Mr. Davis huffed and turned away.
“Take an address, at least, so that you might write when you have a change of heart.”
But the Davises were unmoved. Mrs. Davis pointed her in the direction of the train station and sent her on her way. Before she went, she pressed her hand into Goldie’s and left the jail’s address in her palm. Goldie made no expression as she pocketed it.
Once outside, Constance picked her way down the dark and pitted street. Here and there, a faint yellow light fell out of kitchen windows. Even in the thin February air, a few boys ran up and down the street with a leather ball. At the bottom of the hill, a tattered newspaper was caught in a bare tree, snapping in the wind like a flag.
When the breeze hit her, she took an enormous breath, relieved to be out of the Davises’ stifling sitting room. There was no point in staying longer anyway: she couldn’t have put those two before a judge and trusted them to say anything that would cast Minnie in a favorable light. Even Goldie couldn’t help, as she was possessed of knowledge of her sisters’ dalliances with out-of-town men and might—if questioned sharply and compelled by a judge to speak truthfully—see no choice but to confess what she knew.
Constance reached the edge of town and walked along the boardwalk, where she could perfectly imagine Minnie going to wait for the boats. Even with the operation shut down for the winter, it wasn’t difficult to picture the carnival atmosphere that would have prevailed in the warmer months. There were wooden booths, shuttered and locked, that advertised pretzels and beer. A wide shingled shed offered three shots at a target for a chance to win a set of ruby glass. At one end stood a bandstand, with benches in a half-circle around it.
The wind came up off the gray river. Constance gathered her collar around her neck and turned her back on the place. It held the promise of merriment, even though there was none to be found.
14
UP IN POMPTON LAKES, installed once again in her little room under the eaves at Mrs. Turnbull’s boarding-house, Edna Heustis turned over a pamphlet that someone had dropped in the train station a few days earlier.
On one side was a picture of a woman in a smart gray uniform, standing on a hill. Behind her lay a ruined, smoking battlefield. It read:
Are you going to help us win this war?
Answer not with words and cheers, but with shells, ships, food, and bandages.
Is the work heavy, you ask?
Not so heavy as the soldiers’ work.
Are the hours long?
Six days and nights in the trenches are longer.
On the other side was the announcement of the Women’s Preparedness Committee’s weekly meeting at the church, with this call to join:
Just as our young men are not waiting for their nation’s orders to go to France, so can women take up the call and follow them.

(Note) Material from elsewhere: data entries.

Theorem theorem3 (R : realType) (m n C : nat) :
  (1 <= m)%N -> (2 : R) <= n%:R / m%:R ->
  @secrecy_capacity_region R m n C =
    [set r : R * R | 0 <= r.1 <= m%:R /\ r.2 = 0].
Proof.
move=> m_gt0; rewrite ler_pdivlMr ?ltr0n // -natrM ler_nat => mn.
have achievableE : [set r | achievable m n C r] =
    [set r : R * R | 0 <= r.1 <= m%:R /\ r.2 = 0].
  apply/seteqP; split => r /=.
  - move=> r_ach; split; last exact: achievable_rate2_eq0 r_ach.
    by case: (r_ach) => r1_ge0 _; rewrite r1_ge0; exact: achievable_rate1_le r_ach.
  - by case=> r1_bounds r2_0; apply: achievable_uncoded.
rewrite /secrecy_capacity_region achievableE.
by have /closure_id <- := closed_segment_axis R m%:R.
Qed.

In hospitals and ship-yards, in aeroplane sheds and railways, in homes and workshops, there is work overseas right now for American women who are willing to do it.
Edna turned the paper over again and looked at the woman sketched in pencil, with just a few lines to suggest dark hair tucked under her cap, and a single mark along her jawline to show a strength of purpose. She wondered how she would look in a uniform like that. She’d never met a woman who professed an interest in boarding a ship for Europe and serving alongside the men, but she’d read about it in the papers. Women were volunteering for the Red Cross and the Ambulance Service. They were serving as nurses, cooks, and secretaries.
She wondered if her brothers would meet women like that when they went to France. All four of the Heustis boys were ready to depart as soon as President Wilson gave the order. Early last year, they’d each gone out to join in some sort of war-work to prepare themselves, which their father heartily encouraged. Charlie had taken an orderly position in a hospital with the hope of joining an ambulance service in France; the twins worked at the munitions depot on Black Tom Island; and Davie, the youngest, apprenticed himself to an automobile mechanic, thinking that he might drive his brother’s ambulance, even though he grew dizzy at the sight of blood.